The Cupboard Series 6: Castle Voldemort

Chapter 13

Mad-eye stood perfectly still under a tree, his good eye staring at the sign just across the road while his magical eye continuously shifted about, searching for any hidden dangers. He may be concealed with a bevy of disillusionment charms, notice-me-nots, odour dampening spells and sound dampening spells on his boot, clawed foot and the end of his walking staff, but that didn’t mean that he wasn’t still vulnerable.

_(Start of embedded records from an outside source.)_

(* Let $n\ge 2$ and let $G=K_n$ on vertices $v_1,\dots,v_n$ with edge weights $w_{\{i,j\}}\in(0,1)$. Then $\operatorname{eptw}(G)=\frac{1}{1-W}$, where $W=\min_{1\le i\le n}\prod_{j\ne i}(1-w_{\{i,j\}})$.
   Context: Let $G$ be a finite simple graph in which each edge $uv$ has a weight $w_{uv}\in(0,1)$. Weighted zero forcing: start with a set $B\subseteq V(G)$ of blue vertices, all other vertices white. In each round, simultaneously, for every blue vertex $u$ that has exactly one white neighbor $v$ (with respect to the coloring at the start of the round), $u$ attempts to force $v$, succeeding with probability $w_{uv}$, all attempts being independent; a white vertex becomes blue at the end of the round if at least one attempt on it succeeds. $B$ is a weighted zero forcing set of $G$ if this process can eventually color all of $V(G)$ blue (equivalently, $B$ is a zero forcing set of the underlying unweighted graph under the standard rule); $\operatorname{Z}(G)$ is the minimum size of such a set. $\operatorname{ptw}(G,B)$ is the random variable giving the round in which the last white vertex becomes blue ($0$ if $B=V(G)$); $\operatorname{eptw}(G,B)=\mathbb{E}[\operatorname{ptw}(G,B)]$; $\operatorname{eptw}(G)=\min\{\operatorname{eptw}(G,B): B$ a weighted zero forcing set with $|B|=\operatorname{Z}(G)\}$. *)

From HB Require Import structures.
From mathcomp Require Import all_boot all_order all_algebra.
From mathcomp Require Import all_classical all_reals all_analysis.
Set Implicit Arguments. Unset Strict Implicit. Unset Printing Implicit Defensive.
Import Order.TTheory GRing.Theory Num.Theory.
Local Open Scope ring_scope.

(* A finite simple graph: vertex type V : finType, adjacency e : rel V
   (assumed symmetric and irreflexive where used); edge weights
   w : V -> V -> R (w u v is the weight of edge uv, assumed symmetric). *)

Section ZF.
Variables (V : finType) (e : rel V).

Definition white_nbrs (S : {set V}) (u : V) : {set V} :=
  [set v | e u v & v \notin S].

Definition forces (S : {set V}) (u v : V) : bool :=
  (u \in S) && (white_nbrs S u == [set v]).

Definition zf_step (S : {set V}) : {set V} :=
  S :|: [set v | [exists u, forces S u v]].

Definition zf_closure (B : {set V}) : {set V} := iter #|V| zf_step B.

Definition is_zfs (B : {set V}) : bool := zf_closure B == [set: V].

Definition Zf : nat := \big[minn/#|V|]_(B : {set V} | is_zfs B) #|B|.

Variables (R : realType) (w : V -> V -> R).

(* probability that the white vertex v is NOT forced in a round starting
   from blue set S (all attempts independent) *)
Definition not_forced (S : {set V}) (v : V) : R :=
  \prod_(u | forces S u v) (1 - w u v).

(* one-round transition probability from blue set S to blue set S' *)
Definition trans (S S' : {set V}) : R :=
  if S \subset S' then
    (\prod_(v in S' :\: S) (1 - not_forced S v)) *
    (\prod_(v in ~: S') not_forced S v)
  else 0.

(* distribution of the blue set at the end of round k, starting from B *)
Fixpoint state_dist (B : {set V}) (k : nat) (S' : {set V}) : R :=
  match k with
  | 0 => (S' == B)%:R
  | k.+1 => \sum_(S : {set V}) state_dist B k S * trans S S'
  end.

(* P(ptw(G,B) <= k) : V(G) is absorbing *)
Definition ptw_le (B : {set V}) (k : nat) : R := state_dist B k [set: V].

Definition ptw_eq (B : {set V}) (k : nat) : R :=
  ptw_le B k - (if k is k'.+1 then ptw_le B k' else 0).

Definition eptw_set (B : {set V}) : \bar R :=
  (\sum_(0 <= k <oo) ((k%:R * ptw_eq B k)%:E))%E.

Definition eptw : \bar R :=
  \big[Order.min/+oo%E]_(B : {set V} | is_zfs B && (#|B| == Zf)) eptw_set B.

End ZF.

Definition Kn_adj (n : nat) : rel 'I_n := fun i j => i != j.

From HB Require Import structures.
From mathcomp Require Import all_boot all_order all_algebra.
From mathcomp Require Import all_classical all_reals all_analysis.
From mathcomp Require Import ring lra zify.
Set Implicit Arguments. Unset Strict Implicit. Unset Printing Implicit Defensive.
Import Order.TTheory GRing.Theory Num.Theory.
Import numFieldNormedType.Exports.
Local Open Scope ring_scope.

(* On K_n a blue vertex sees every white vertex, so it can force only when
   exactly one vertex is white.  Hence the zero forcing sets of K_n are the
   sets with at most one white vertex, Z(K_n) = n - 1, and the minimum zero
   forcing sets are the co-singletons ~: [set v].  Starting from ~: [set v],
   each round independently either leaves v white, with probability
   survival v = prod_(u != v) (1 - w u v), or finishes the process, so the
   propagation time is geometric and its mean is 1 / (1 - survival v).
   Minimising over v, and using that x |-> 1 / (1 - x) is increasing below 1,
   gives eptw(K_n) = 1 / (1 - min_v survival v). *)

Section GeometricMean.
Variables (R : realType) (q : R).
Local Open Scope classical_set_scope.
Hypothesis q_ge0 : 0 <= q.
Hypothesis q_lt1 : q < 1.

(* P(T = k) for the first success time T of independent trials that each
   fail with probability q *)
Definition geom_pmf (k : nat) : R :=
  if k is k'.+1 then q ^+ k' * (1 - q) else 0.

Let mean_partial (N : nat) : R := \sum_(0 <= k < N) k%:R * geom_pmf k.

Let compl_q_gt0 : 0 < 1 - q. Proof. by rewrite subr_gt0. Qed.

Lemma mean_partial_rec (N : nat) :
  mean_partial N.+1 = q * mean_partial N + 1 - q ^+ N.
Proof.
rewrite /mean_partial; elim: N => [|N IH].
  by rewrite big_nat1 big_geq // /geom_pmf !mul0r mulr0 add0r expr0 subrr.
rewrite [in RHS]big_nat_recr //= [in LHS]big_nat_recr //= IH /geom_pmf.
by case: N {IH} => [|N]; rewrite ?mul0r ?addr0 ?expr0 ?exprS; ring.
Qed.

Lemma mean_partial_le (N : nat) : mean_partial N <= (1 - q)^-1.
Proof.
elim: N => [|N IH]; first by rewrite /mean_partial big_geq // invr_ge0 ltW.
have qN_ge0 : 0 <= q ^+ N by exact: exprn_ge0.
have qS : q * mean_partial N <= q * (1 - q)^-1 by exact: ler_wpM2l.
have inv_eq : (1 - q)^-1 = q * (1 - q)^-1 + 1 by field; rewrite lt0r_neq0.
rewrite mean_partial_rec; lra.
Qed.

Lemma mean_partial_cvg : mean_partial @ \oo --> (1 - q)^-1.
Proof.
have mean_partial_nd : nondecreasing_seq mean_partial.
  apply/nondecreasing_seqP => N; rewrite /mean_partial big_nat_recr //= lerDl.
  rewrite /geom_pmf; case: N => [|N]; first by rewrite mulr0.
  by rewrite mulr_ge0 // mulr_ge0 ?exprn_ge0 // ltW.
have cvg_partial : cvgn mean_partial.
  apply: (nondecreasing_is_cvgn mean_partial_nd).
  by exists (1 - q)^-1 => _ [N _ <-]; exact: mean_partial_le.
set L := limn mean_partial.
(* passing to the limit in the recursion gives L = q * L + 1 *)
have rec_lim : (fun N => q * mean_partial N + 1 - q ^+ N) @ \oo --> q * L + 1 - 0.
  apply: cvgB; first by apply: cvgD; [exact: cvgMl_tmp | exact: cvg_cst].
  by apply: cvg_expr; rewrite ger0_norm.
have shift_lim : (fun N => mean_partial N.+1) @ \oo --> L by rewrite cvg_shiftS.
have rec_eq : (fun N => mean_partial N.+1) = (fun N => q * mean_partial N + 1 - q ^+ N).
  by apply: funext => N; rewrite mean_partial_rec.
rewrite rec_eq in shift_lim.
have fixL : L = q * L + 1.
  by have := cvg_unique _ shift_lim rec_lim; rewrite subr0; apply.
have -> : (1 - q)^-1 = L.
  by apply: (mulIf (lt0r_neq0 compl_q_gt0)); rewrite mulVf ?lt0r_neq0 //; lra.
exact: cvg_partial.
Qed.

Lemma geom_mean :
  (\sum_(0 <= k <oo) ((k%:R * geom_pmf k)%:E))%E = ((1 - q)^-1)%:E.
Proof.
have -> : (fun N => \sum_(0 <= k < N) ((k%:R * geom_pmf k)%:E))%E
          = EFin \o mean_partial by apply: funext => N; rewrite /= sumEFin.
rewrite EFin_lim; last by apply/cvg_ex; exists (1 - q)^-1; exact: mean_partial_cvg.
by rewrite (cvg_lim _ mean_partial_cvg).
Qed.

End GeometricMean.

Import mathcomp.boot.fintype mathcomp.boot.finset.

Lemma trans_setT (V : finType) (e : rel V) (R : realType) (w : V -> V -> R)
    (S' : {set V}) :
  trans e w [set: V] S' = (S' == [set: V])%:R.
Proof.
rewrite /trans subTset; case: eqP => [->|] //=.
by rewrite setDv setCT !big_set0 mulr1.
Qed.

Lemma supset_setC1 (T : finType) (x : T) (S : {set T}) :
  ~: [set x] \subset S -> S = ~: [set x] \/ S = [set: T].
Proof.
move=> /subsetP sub.
have in_S y : y != x -> y \in S by move=> yx; apply: sub; rewrite !inE.
case: (boolP (x \in S)) => xS; [right|left]; apply/setP => y; rewrite !inE.
  by case: (eqVneq y x) => [->|/in_S].
by case: (eqVneq y x) => [->|/in_S]; rewrite ?(negbTE xS).
Qed.

Lemma setC1_neqT (T : finType) (x : T) : (~: [set x] == [set: T]) = false.
Proof. by apply/negbTE/eqP => /setP /(_ x); rewrite !inE eqxx. Qed.

Section CompleteGraph.
Variable n : nat.
Local Notation K := (@Kn_adj n).

Lemma white_nbrs_Kn (S : {set 'I_n}) (u : 'I_n) :
  u \in S -> white_nbrs K S u = ~: S.
Proof.
move=> uS; apply/setP => v; rewrite !inE /Kn_adj.
by case: (eqVneq u v) => [<-|]; rewrite ?uS.
Qed.

Lemma forces_Kn (S : {set 'I_n}) (u v : 'I_n) :
  forces K S u v = (u \in S) && (~: S == [set v]).
Proof. by rewrite /forces; case: (boolP (u \in S)) => // /white_nbrs_Kn ->. Qed.

Lemma exists_other (v : 'I_n) : (2 <= n)%N -> exists u : 'I_n, u != v.
Proof.
move=> hn; have : (0 < #|~: [set v]|)%N by rewrite cardsC1 card_ord -ltnS prednK // ltnW.
by case/card_gt0P => u; rewrite !inE; exists u.
Qed.

Lemma zf_step_stuck (S : {set 'I_n}) : (1 < #|~: S|)%N -> zf_step K S = S.
Proof.
move=> white2; apply/setP => v; rewrite !inE orb_idr // => /existsP [u].
by rewrite forces_Kn => /andP [_ /eqP white1]; move: white2; rewrite white1 cards1.
Qed.

Lemma zf_step_setC1 (v : 'I_n) : (2 <= n)%N -> zf_step K (~: [set v]) = [set: 'I_n].
Proof.
move=> hn; apply/setP => x; rewrite !inE; case: (eqVneq x v) => [->|] //=.
have [u uv] := exists_other v hn.
by apply/existsP; exists u; rewrite forces_Kn setCK !inE uv eqxx.
Qed.

Lemma is_zfs_Kn (S : {set 'I_n}) : (2 <= n)%N -> is_zfs K S = (#|~: S| <= 1)%N.
Proof.
move=> hn; rewrite /is_zfs /zf_closure card_ord.
have stepT : zf_step K [set: 'I_n] = [set: 'I_n] by rewrite /zf_step setTU.
have [white_le1|white2] := leqP #|~: S| 1; last first.
  rewrite iter_fix ?zf_step_stuck //; apply/negbTE/eqP => ST.
  by move: white2; rewrite ST setCT cards0.
move: white_le1; rewrite leq_eqVlt ltnS leqn0 cards_eq0.
case/orP => [/cards1P [v white_v]|/eqP white0].
  have -> : S = ~: [set v] by rewrite -white_v setCK.
  by rewrite -[X in iter X](prednK (ltnW hn)) iterSr zf_step_setC1 // iter_fix ?eqxx.
have -> : S = [set: 'I_n] by rewrite -setC0 -white0 setCK.
by rewrite iter_fix ?eqxx.
Qed.

Lemma Zf_Kn : (2 <= n)%N -> Zf K = n.-1.
Proof.
move=> hn; rewrite /Zf card_ord -minEnat; apply/anti_leq/andP; split.
  pose v0 : 'I_n := Ordinal (ltnW hn).
  have zfs_v0 : is_zfs K (~: [set v0]) by rewrite is_zfs_Kn // setCK cards1.
  have := bigmin_le_cond n (fun B : {set 'I_n} => #|B|) zfs_v0.
  by rewrite leEnat cardsC1 card_ord.
rewrite -leEnat; apply/bigmin_geP; split; first by rewrite leEnat leq_pred.
by move=> S; rewrite leEnat is_zfs_Kn // (cardsCs S) card_ord -subn1; exact: leq_sub2l.
Qed.

Lemma min_zfs_Kn (S : {set 'I_n}) : (2 <= n)%N ->
  (is_zfs K S && (#|S| == Zf K)) = (S \in [set ~: [set v] | v in [set: 'I_n]]).
Proof.
move=> hn; rewrite Zf_Kn // is_zfs_Kn //; apply/idP/imsetP.
  case/andP => _ /eqP cardS; have : #|~: S| == 1%N.
    by move: (cardsC S); rewrite card_ord cardS -subn1; lia.
  by case/cards1P => v /(congr1 (@setC _)); rewrite setCK => ->; exists v.
by case => v _ ->; rewrite setCK cards1 cardsC1 card_ord eqxx.
Qed.

Variables (R : realType) (w : 'I_n -> 'I_n -> R).

Definition survival (v : 'I_n) : R := \prod_(u | u != v) (1 - w u v).

Lemma not_forced_setC1 (v : 'I_n) : not_forced K w (~: [set v]) v = survival v.
Proof. by apply: eq_bigl => u; rewrite forces_Kn setCK eqxx !inE andbT. Qed.

Lemma trans_setC1 (v : 'I_n) (S' : {set 'I_n}) :
  trans K w (~: [set v]) S' =
  survival v * (S' == ~: [set v])%:R + (1 - survival v) * (S' == [set: 'I_n])%:R.
Proof.
rewrite /trans; case: ifP => [/supset_setC1 [] ->|sub].
- rewrite eqxx setC1_neqT setDv big_set0 setCK big_set1 not_forced_setC1.
  by rewrite mul1r mulr1 mulr0 addr0.
- rewrite eqxx eq_sym setC1_neqT setTD setCK big_set1 setCT big_set0 not_forced_setC1.
  by rewrite !mulr1 mulr0 add0r.
have S'v : (S' == ~: [set v]) = false by apply: contraFF sub => /eqP ->.
have S'T : (S' == [set: 'I_n]) = false by apply: contraFF sub => /eqP ->; exact: subsetT.
by rewrite S'v S'T !mulr0 addr0.
Qed.

Lemma state_dist_setC1 (v : 'I_n) (k : nat) (S' : {set 'I_n}) :
  state_dist K w (~: [set v]) k S' =
  survival v ^+ k * (S' == ~: [set v])%:R
  + (1 - survival v ^+ k) * (S' == [set: 'I_n])%:R.
Proof.
elim: k S' => [|k IH] S' /=; first by rewrite expr0 mul1r subrr mul0r addr0.
rewrite (bigD1 (~: [set v])) // (bigD1 [set: 'I_n]) /=; last by rewrite eq_sym setC1_neqT.
rewrite big1 => [|S /andP [Sv ST]]; last first.
  by rewrite IH (negbTE Sv) (negbTE ST) !mulr0 addr0 mul0r.
rewrite !IH eqxx setC1_neqT eq_sym setC1_neqT eqxx trans_setC1 trans_setT exprS.
by rewrite !mulr1 !mulr0 !addr0 add0r; ring.
Qed.

Lemma ptw_eq_setC1 (v : 'I_n) (k : nat) :
  ptw_eq K w (~: [set v]) k = geom_pmf (survival v) k.
Proof.
rewrite /ptw_eq /ptw_le /geom_pmf.
case: k => [|k]; rewrite !state_dist_setC1 eq_sym setC1_neqT eqxx !mulr0 !add0r !mulr1.
  by rewrite expr0 subrr subr0.
by rewrite exprS; ring.
Qed.

(* survival v is a product of factors 1 - w u v in [0, 1], and since n >= 2
   at least one of them is < 1 *)
Lemma survival_bounds (v : 'I_n) : (2 <= n)%N ->
  (forall i j, i != j -> 0 < w i j < 1) -> 0 <= survival v < 1.
Proof.
move=> hn hw; have factor_bounds u : u != v -> 0 <= 1 - w u v <= 1.
  by move=> /hw /andP [w_gt0 w_lt1]; rewrite subr_ge0 lerBlDr lerDl !ltW.
have [u uv] := exists_other v hn.
have /andP [wuv_gt0 _] := hw _ _ uv.
rewrite /survival (bigD1 u) //=.
have /andP [rest_ge0 rest_le1] : 0 <= \prod_(j | (j != v) && (j != u)) (1 - w j v) <= 1.
  apply/andP; split; first by apply: prodr_ge0 => j /andP [/factor_bounds /andP []].
  by apply: prodr_ile1 => j /andP [/factor_bounds].
have /andP [fu_ge0 _] := factor_bounds u uv.
rewrite mulr_ge0 //=; apply: le_lt_trans (_ : 1 - w u v < 1).
  by rewrite -[leRHS]mulr1 ler_wpM2l.
by rewrite ltrBlDr ltrDl.
Qed.

Lemma eptw_set_setC1 (v : 'I_n) : 0 <= survival v -> survival v < 1 ->
  eptw_set K w (~: [set v]) = ((1 - survival v)^-1)%:E.
Proof.
move=> surv_ge0 surv_lt1; rewrite /eptw_set -(geom_mean surv_ge0 surv_lt1).
have -> // : ptw_eq K w (~: [set v]) = geom_pmf (survival v).
by apply: funext => k; exact: ptw_eq_setC1.
Qed.

End CompleteGraph.

(* x |-> 1 / (1 - x) is increasing below 1, so it commutes with finite minima *)
Lemma bigmin_inv_compl (R : realType) (I : finType) (i0 : I) (q : I -> R) :
  (forall i, q i < 1) ->
  \big[Order.min/+oo%E]_(i in [set: I]) ((1 - q i)^-1)%:E
  = ((1 - \big[Num.min/1]_i q i)^-1)%:E.
Proof.
move=> q_lt1.
have [i1 _ min_i1] := @eq_bigmin _ _ I 1 i0 predT q isT (fun i _ => ltW (q_lt1 i)).
rewrite min_i1; apply/eqP; rewrite eq_le; apply/andP; split.
  by apply: bigmin_le_cond; rewrite inE.
apply/bigmin_geP; split => [|i _]; first exact: leey.
rewrite lee_fin lef_pV2 ?posrE ?subr_gt0 // lerB // -min_i1; exact: bigmin_le.
Qed.

Theorem mainTheorem2 (R : realType) (n : nat) (w : 'I_n -> 'I_n -> R)
  (hn : (2 <= n)%N)
  (hsym : forall i j, w i j = w j i)
  (hw : forall i j, i != j -> 0 < w i j < 1) :
  eptw (@Kn_adj n) w =
  ((1 - \big[Num.min/1]_(i < n) \prod_(j < n | j != i) (1 - w i j))^-1)%:E.
Proof.
have survivalE v : survival w v = \prod_(j < n | j != v) (1 - w v j).
  by apply: eq_bigr => u _; rewrite hsym.
have /all_and2 [surv_ge0 surv_lt1] v := andP (survival_bounds v hn hw).
rewrite /eptw (eq_bigl _ _ (fun B => min_zfs_Kn B hn)) bigmin_imset.
under eq_bigr => v _ do rewrite eptw_set_setC1 // survivalE.
by apply: (bigmin_inv_compl (Ordinal (ltnW hn))) => v; rewrite -survivalE.
Qed.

He was out from under the powerful wards of Diricawl Academy, wards that he felt relatively safe enough to drop his guard while he was under them, at least to a small amount. Added to that, he was in the muggle world, a world which boasted its own set of hazards and dangers on top of all of the usual ones. Lastly was the fact of where he was, attested to by the sign that had part of his attention.

Greater Hangleton was apparently thirteen miles to his right; Little Hangleton, two miles to his left. And Little Hangleton, according to Dumbledore’s notes, was where Riddle’s parents had once lived, the muggles in some large manor house, the Gaunts in a hovel in some woods nearby.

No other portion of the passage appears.